__WORK REQUIRED__: Transcribe word for word the lines below from the line with "Lemma vertex_measure_ge0 alpha" through the line with "apply: mulr_ge0; first lra.", ends included.

__RECORDS TO USE__:
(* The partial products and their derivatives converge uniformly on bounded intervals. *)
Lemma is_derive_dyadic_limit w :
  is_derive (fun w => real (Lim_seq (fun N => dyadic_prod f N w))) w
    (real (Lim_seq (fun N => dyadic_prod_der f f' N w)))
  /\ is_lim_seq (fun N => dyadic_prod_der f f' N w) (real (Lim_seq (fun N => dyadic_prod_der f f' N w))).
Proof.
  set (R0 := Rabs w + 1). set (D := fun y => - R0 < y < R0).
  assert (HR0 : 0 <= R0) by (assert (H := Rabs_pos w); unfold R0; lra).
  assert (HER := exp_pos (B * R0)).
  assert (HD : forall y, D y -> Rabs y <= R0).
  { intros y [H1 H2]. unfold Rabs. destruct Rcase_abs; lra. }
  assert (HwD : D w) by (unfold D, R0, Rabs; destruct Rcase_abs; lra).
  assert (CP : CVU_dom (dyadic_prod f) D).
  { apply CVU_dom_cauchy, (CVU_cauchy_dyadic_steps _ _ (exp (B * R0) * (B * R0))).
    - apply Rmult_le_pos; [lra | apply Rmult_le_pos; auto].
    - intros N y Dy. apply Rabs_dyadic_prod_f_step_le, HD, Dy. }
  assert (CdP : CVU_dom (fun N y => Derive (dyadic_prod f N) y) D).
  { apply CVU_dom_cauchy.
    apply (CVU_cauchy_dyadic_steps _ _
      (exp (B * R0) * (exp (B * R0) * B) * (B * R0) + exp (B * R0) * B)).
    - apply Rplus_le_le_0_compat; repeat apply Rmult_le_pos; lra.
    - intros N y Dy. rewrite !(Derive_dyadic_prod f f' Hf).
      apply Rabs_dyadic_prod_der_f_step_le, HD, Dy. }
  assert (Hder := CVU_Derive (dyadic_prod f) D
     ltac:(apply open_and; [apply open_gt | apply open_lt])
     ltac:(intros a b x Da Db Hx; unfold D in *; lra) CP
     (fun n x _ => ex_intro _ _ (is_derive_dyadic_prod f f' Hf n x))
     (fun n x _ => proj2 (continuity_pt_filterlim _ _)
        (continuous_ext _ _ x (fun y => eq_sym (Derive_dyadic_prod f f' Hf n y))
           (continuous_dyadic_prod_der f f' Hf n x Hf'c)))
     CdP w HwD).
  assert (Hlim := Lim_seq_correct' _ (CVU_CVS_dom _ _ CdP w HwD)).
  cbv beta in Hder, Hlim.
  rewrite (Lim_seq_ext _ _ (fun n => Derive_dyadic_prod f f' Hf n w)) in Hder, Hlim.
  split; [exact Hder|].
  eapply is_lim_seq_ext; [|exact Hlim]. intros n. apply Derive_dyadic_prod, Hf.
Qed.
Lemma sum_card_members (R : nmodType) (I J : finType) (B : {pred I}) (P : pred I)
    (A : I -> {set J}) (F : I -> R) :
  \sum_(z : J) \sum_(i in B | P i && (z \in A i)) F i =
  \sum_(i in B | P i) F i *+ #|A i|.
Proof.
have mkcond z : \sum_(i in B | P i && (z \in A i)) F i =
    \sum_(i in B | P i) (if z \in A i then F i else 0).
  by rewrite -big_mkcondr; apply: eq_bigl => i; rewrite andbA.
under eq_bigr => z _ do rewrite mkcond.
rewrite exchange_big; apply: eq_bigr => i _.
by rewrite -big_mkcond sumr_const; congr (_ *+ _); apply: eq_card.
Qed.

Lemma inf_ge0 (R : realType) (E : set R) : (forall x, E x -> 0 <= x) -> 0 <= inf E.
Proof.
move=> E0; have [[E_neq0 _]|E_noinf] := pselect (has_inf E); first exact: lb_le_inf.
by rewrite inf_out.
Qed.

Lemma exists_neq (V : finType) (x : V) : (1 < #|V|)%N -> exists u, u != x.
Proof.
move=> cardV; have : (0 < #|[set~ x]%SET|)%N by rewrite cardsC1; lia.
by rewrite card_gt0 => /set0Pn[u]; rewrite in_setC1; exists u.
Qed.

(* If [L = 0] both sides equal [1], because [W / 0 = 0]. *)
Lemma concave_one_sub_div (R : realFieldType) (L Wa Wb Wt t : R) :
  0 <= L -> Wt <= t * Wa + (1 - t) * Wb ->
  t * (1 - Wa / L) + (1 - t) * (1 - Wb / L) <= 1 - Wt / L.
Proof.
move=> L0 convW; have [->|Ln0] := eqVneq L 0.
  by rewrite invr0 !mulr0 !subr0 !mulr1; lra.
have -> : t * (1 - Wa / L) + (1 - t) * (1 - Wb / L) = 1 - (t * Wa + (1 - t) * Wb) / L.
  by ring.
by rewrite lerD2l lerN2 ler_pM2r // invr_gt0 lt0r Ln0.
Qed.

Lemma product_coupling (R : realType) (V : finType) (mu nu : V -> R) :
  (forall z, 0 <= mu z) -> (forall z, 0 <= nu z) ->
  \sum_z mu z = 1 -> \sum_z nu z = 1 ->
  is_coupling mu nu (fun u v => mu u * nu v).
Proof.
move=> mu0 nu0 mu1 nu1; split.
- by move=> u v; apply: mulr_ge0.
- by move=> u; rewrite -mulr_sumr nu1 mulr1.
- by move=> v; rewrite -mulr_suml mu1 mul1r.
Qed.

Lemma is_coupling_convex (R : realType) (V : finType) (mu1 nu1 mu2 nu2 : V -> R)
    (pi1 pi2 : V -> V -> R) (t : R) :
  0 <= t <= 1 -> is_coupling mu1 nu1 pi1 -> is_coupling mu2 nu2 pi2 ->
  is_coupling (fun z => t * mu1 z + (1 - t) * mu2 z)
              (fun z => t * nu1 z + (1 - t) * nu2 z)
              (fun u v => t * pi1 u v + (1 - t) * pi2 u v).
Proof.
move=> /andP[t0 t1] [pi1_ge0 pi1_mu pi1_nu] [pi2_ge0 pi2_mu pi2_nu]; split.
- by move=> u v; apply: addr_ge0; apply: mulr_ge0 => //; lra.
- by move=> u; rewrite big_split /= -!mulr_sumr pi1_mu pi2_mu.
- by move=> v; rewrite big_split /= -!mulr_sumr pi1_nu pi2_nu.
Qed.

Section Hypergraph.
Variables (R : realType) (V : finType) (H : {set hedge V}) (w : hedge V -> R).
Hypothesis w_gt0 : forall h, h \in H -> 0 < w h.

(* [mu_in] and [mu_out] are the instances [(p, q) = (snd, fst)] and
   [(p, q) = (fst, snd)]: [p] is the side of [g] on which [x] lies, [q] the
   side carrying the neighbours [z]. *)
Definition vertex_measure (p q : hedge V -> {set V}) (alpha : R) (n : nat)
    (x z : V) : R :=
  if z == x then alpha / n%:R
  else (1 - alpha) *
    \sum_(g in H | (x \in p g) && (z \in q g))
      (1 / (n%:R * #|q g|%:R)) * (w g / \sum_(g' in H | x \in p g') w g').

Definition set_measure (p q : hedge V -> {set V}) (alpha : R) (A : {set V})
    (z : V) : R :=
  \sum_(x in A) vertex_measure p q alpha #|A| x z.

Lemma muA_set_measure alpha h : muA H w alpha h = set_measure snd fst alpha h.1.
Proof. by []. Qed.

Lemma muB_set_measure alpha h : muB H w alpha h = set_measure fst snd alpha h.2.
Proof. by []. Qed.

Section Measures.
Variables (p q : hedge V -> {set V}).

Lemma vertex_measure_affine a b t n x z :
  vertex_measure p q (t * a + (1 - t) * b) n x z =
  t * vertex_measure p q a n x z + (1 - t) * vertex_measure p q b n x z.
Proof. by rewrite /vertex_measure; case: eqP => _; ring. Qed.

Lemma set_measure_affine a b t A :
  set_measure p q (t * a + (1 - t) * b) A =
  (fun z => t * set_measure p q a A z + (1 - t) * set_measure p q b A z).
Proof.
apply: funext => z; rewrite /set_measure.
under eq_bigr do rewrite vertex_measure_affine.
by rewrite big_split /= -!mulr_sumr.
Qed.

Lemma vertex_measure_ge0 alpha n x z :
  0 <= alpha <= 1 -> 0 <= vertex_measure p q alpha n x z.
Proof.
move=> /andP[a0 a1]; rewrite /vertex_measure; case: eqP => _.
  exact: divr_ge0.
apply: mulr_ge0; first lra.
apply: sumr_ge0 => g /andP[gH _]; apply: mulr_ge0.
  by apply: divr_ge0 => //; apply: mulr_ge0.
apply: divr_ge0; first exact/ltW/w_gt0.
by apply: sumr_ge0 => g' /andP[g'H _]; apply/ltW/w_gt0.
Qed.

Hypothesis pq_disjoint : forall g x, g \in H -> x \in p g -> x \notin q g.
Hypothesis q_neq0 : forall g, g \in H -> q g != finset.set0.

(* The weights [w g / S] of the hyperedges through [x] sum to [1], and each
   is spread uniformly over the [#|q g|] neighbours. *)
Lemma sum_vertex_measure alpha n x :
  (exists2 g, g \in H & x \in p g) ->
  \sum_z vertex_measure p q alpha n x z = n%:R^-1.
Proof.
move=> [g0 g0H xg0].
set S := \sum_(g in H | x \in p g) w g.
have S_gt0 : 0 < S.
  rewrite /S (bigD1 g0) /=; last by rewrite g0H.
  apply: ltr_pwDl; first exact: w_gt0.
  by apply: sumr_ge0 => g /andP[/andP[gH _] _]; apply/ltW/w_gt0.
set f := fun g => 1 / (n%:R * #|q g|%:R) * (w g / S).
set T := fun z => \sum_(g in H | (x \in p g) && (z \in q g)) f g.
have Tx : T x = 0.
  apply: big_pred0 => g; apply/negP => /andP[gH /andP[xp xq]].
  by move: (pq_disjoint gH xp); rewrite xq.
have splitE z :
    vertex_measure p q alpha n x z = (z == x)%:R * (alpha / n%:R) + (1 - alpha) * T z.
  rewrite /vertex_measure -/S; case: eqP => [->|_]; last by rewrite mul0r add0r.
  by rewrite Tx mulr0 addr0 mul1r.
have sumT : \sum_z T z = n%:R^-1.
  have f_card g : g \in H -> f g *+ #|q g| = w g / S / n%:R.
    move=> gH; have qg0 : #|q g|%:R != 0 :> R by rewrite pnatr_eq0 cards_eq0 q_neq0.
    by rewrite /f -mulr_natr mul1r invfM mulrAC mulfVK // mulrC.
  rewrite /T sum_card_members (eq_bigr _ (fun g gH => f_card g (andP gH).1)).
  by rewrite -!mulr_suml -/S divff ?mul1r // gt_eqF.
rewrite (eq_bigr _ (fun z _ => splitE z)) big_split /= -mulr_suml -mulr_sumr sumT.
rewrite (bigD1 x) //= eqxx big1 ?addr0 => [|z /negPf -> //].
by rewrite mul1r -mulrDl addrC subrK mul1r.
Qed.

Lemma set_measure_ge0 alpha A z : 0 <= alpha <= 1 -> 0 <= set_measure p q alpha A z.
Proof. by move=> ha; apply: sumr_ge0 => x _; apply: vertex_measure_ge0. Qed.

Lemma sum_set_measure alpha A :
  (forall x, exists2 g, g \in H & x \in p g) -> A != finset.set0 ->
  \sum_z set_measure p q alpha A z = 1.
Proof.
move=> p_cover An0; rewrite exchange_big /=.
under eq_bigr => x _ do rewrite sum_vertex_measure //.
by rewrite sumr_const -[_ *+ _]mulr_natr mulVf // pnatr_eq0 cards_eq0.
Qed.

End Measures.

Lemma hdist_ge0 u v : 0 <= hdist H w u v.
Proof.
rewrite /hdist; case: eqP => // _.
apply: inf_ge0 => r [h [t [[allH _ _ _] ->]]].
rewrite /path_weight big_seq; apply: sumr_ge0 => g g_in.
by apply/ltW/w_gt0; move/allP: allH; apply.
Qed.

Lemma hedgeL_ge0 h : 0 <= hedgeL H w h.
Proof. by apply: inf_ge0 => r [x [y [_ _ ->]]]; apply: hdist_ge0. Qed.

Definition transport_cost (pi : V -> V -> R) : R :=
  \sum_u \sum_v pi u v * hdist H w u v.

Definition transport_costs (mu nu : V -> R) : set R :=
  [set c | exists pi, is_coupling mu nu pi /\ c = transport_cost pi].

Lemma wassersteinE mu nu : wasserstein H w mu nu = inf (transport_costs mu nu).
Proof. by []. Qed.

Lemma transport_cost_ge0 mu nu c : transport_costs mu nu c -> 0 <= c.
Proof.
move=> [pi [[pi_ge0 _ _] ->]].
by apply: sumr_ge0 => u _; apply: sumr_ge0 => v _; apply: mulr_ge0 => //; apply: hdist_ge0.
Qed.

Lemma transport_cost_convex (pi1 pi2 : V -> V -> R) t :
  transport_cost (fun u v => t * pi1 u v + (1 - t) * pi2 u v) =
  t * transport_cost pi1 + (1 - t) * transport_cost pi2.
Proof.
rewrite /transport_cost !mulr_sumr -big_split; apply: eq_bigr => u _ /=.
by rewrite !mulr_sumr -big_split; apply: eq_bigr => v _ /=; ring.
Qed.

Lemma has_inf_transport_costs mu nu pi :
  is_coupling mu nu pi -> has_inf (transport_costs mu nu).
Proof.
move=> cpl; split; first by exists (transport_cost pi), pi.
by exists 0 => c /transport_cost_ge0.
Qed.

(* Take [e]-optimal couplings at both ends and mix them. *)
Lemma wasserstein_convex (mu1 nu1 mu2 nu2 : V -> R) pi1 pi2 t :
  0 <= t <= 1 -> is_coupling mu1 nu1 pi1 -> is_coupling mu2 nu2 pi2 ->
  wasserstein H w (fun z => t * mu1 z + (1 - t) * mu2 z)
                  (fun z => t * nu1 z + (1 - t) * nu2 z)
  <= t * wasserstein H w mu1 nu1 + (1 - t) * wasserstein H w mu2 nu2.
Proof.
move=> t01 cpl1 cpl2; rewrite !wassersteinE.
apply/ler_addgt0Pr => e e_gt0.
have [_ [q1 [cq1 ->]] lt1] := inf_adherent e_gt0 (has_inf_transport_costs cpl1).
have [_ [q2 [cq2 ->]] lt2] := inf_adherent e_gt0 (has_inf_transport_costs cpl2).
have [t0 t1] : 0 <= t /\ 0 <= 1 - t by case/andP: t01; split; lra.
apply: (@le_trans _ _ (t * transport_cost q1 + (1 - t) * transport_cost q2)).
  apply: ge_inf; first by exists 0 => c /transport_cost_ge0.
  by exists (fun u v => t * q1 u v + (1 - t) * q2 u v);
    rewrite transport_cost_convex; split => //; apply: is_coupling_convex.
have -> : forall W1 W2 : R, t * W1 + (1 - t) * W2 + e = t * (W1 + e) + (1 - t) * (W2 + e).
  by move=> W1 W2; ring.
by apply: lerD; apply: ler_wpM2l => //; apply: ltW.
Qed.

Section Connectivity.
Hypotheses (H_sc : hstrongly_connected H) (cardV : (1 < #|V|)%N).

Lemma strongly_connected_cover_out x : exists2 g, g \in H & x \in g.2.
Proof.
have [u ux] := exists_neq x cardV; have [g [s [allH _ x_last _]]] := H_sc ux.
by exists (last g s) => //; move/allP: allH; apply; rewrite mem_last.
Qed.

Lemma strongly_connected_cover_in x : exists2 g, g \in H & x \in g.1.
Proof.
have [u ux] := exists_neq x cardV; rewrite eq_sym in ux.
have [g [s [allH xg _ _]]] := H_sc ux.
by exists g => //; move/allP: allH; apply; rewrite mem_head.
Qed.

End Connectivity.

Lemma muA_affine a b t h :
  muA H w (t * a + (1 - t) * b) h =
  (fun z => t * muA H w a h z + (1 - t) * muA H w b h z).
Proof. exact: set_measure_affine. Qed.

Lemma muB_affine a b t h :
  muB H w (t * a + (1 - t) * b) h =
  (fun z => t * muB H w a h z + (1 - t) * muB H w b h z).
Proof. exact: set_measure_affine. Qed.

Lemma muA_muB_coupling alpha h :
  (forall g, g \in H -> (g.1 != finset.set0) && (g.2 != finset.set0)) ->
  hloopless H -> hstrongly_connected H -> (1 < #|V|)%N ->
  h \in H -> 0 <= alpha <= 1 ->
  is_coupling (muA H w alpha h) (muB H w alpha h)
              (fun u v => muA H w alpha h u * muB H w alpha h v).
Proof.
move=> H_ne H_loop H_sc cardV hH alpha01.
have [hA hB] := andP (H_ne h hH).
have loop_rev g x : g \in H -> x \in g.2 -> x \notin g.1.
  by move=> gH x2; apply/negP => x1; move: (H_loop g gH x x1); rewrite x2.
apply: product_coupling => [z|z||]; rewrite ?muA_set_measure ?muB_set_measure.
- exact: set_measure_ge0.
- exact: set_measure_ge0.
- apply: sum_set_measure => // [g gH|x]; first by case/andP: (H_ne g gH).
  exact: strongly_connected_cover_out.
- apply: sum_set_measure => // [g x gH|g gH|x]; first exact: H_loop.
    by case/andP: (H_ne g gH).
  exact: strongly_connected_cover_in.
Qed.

__ANSWER SECTION__:
Lemma vertex_measure_ge0 alpha n x z :
  0 <= alpha <= 1 -> 0 <= vertex_measure p q alpha n x z.
Proof.
move=> /andP[a0 a1]; rewrite /vertex_measure; case: eqP => _.
  exact: divr_ge0.
apply: mulr_ge0; first lra.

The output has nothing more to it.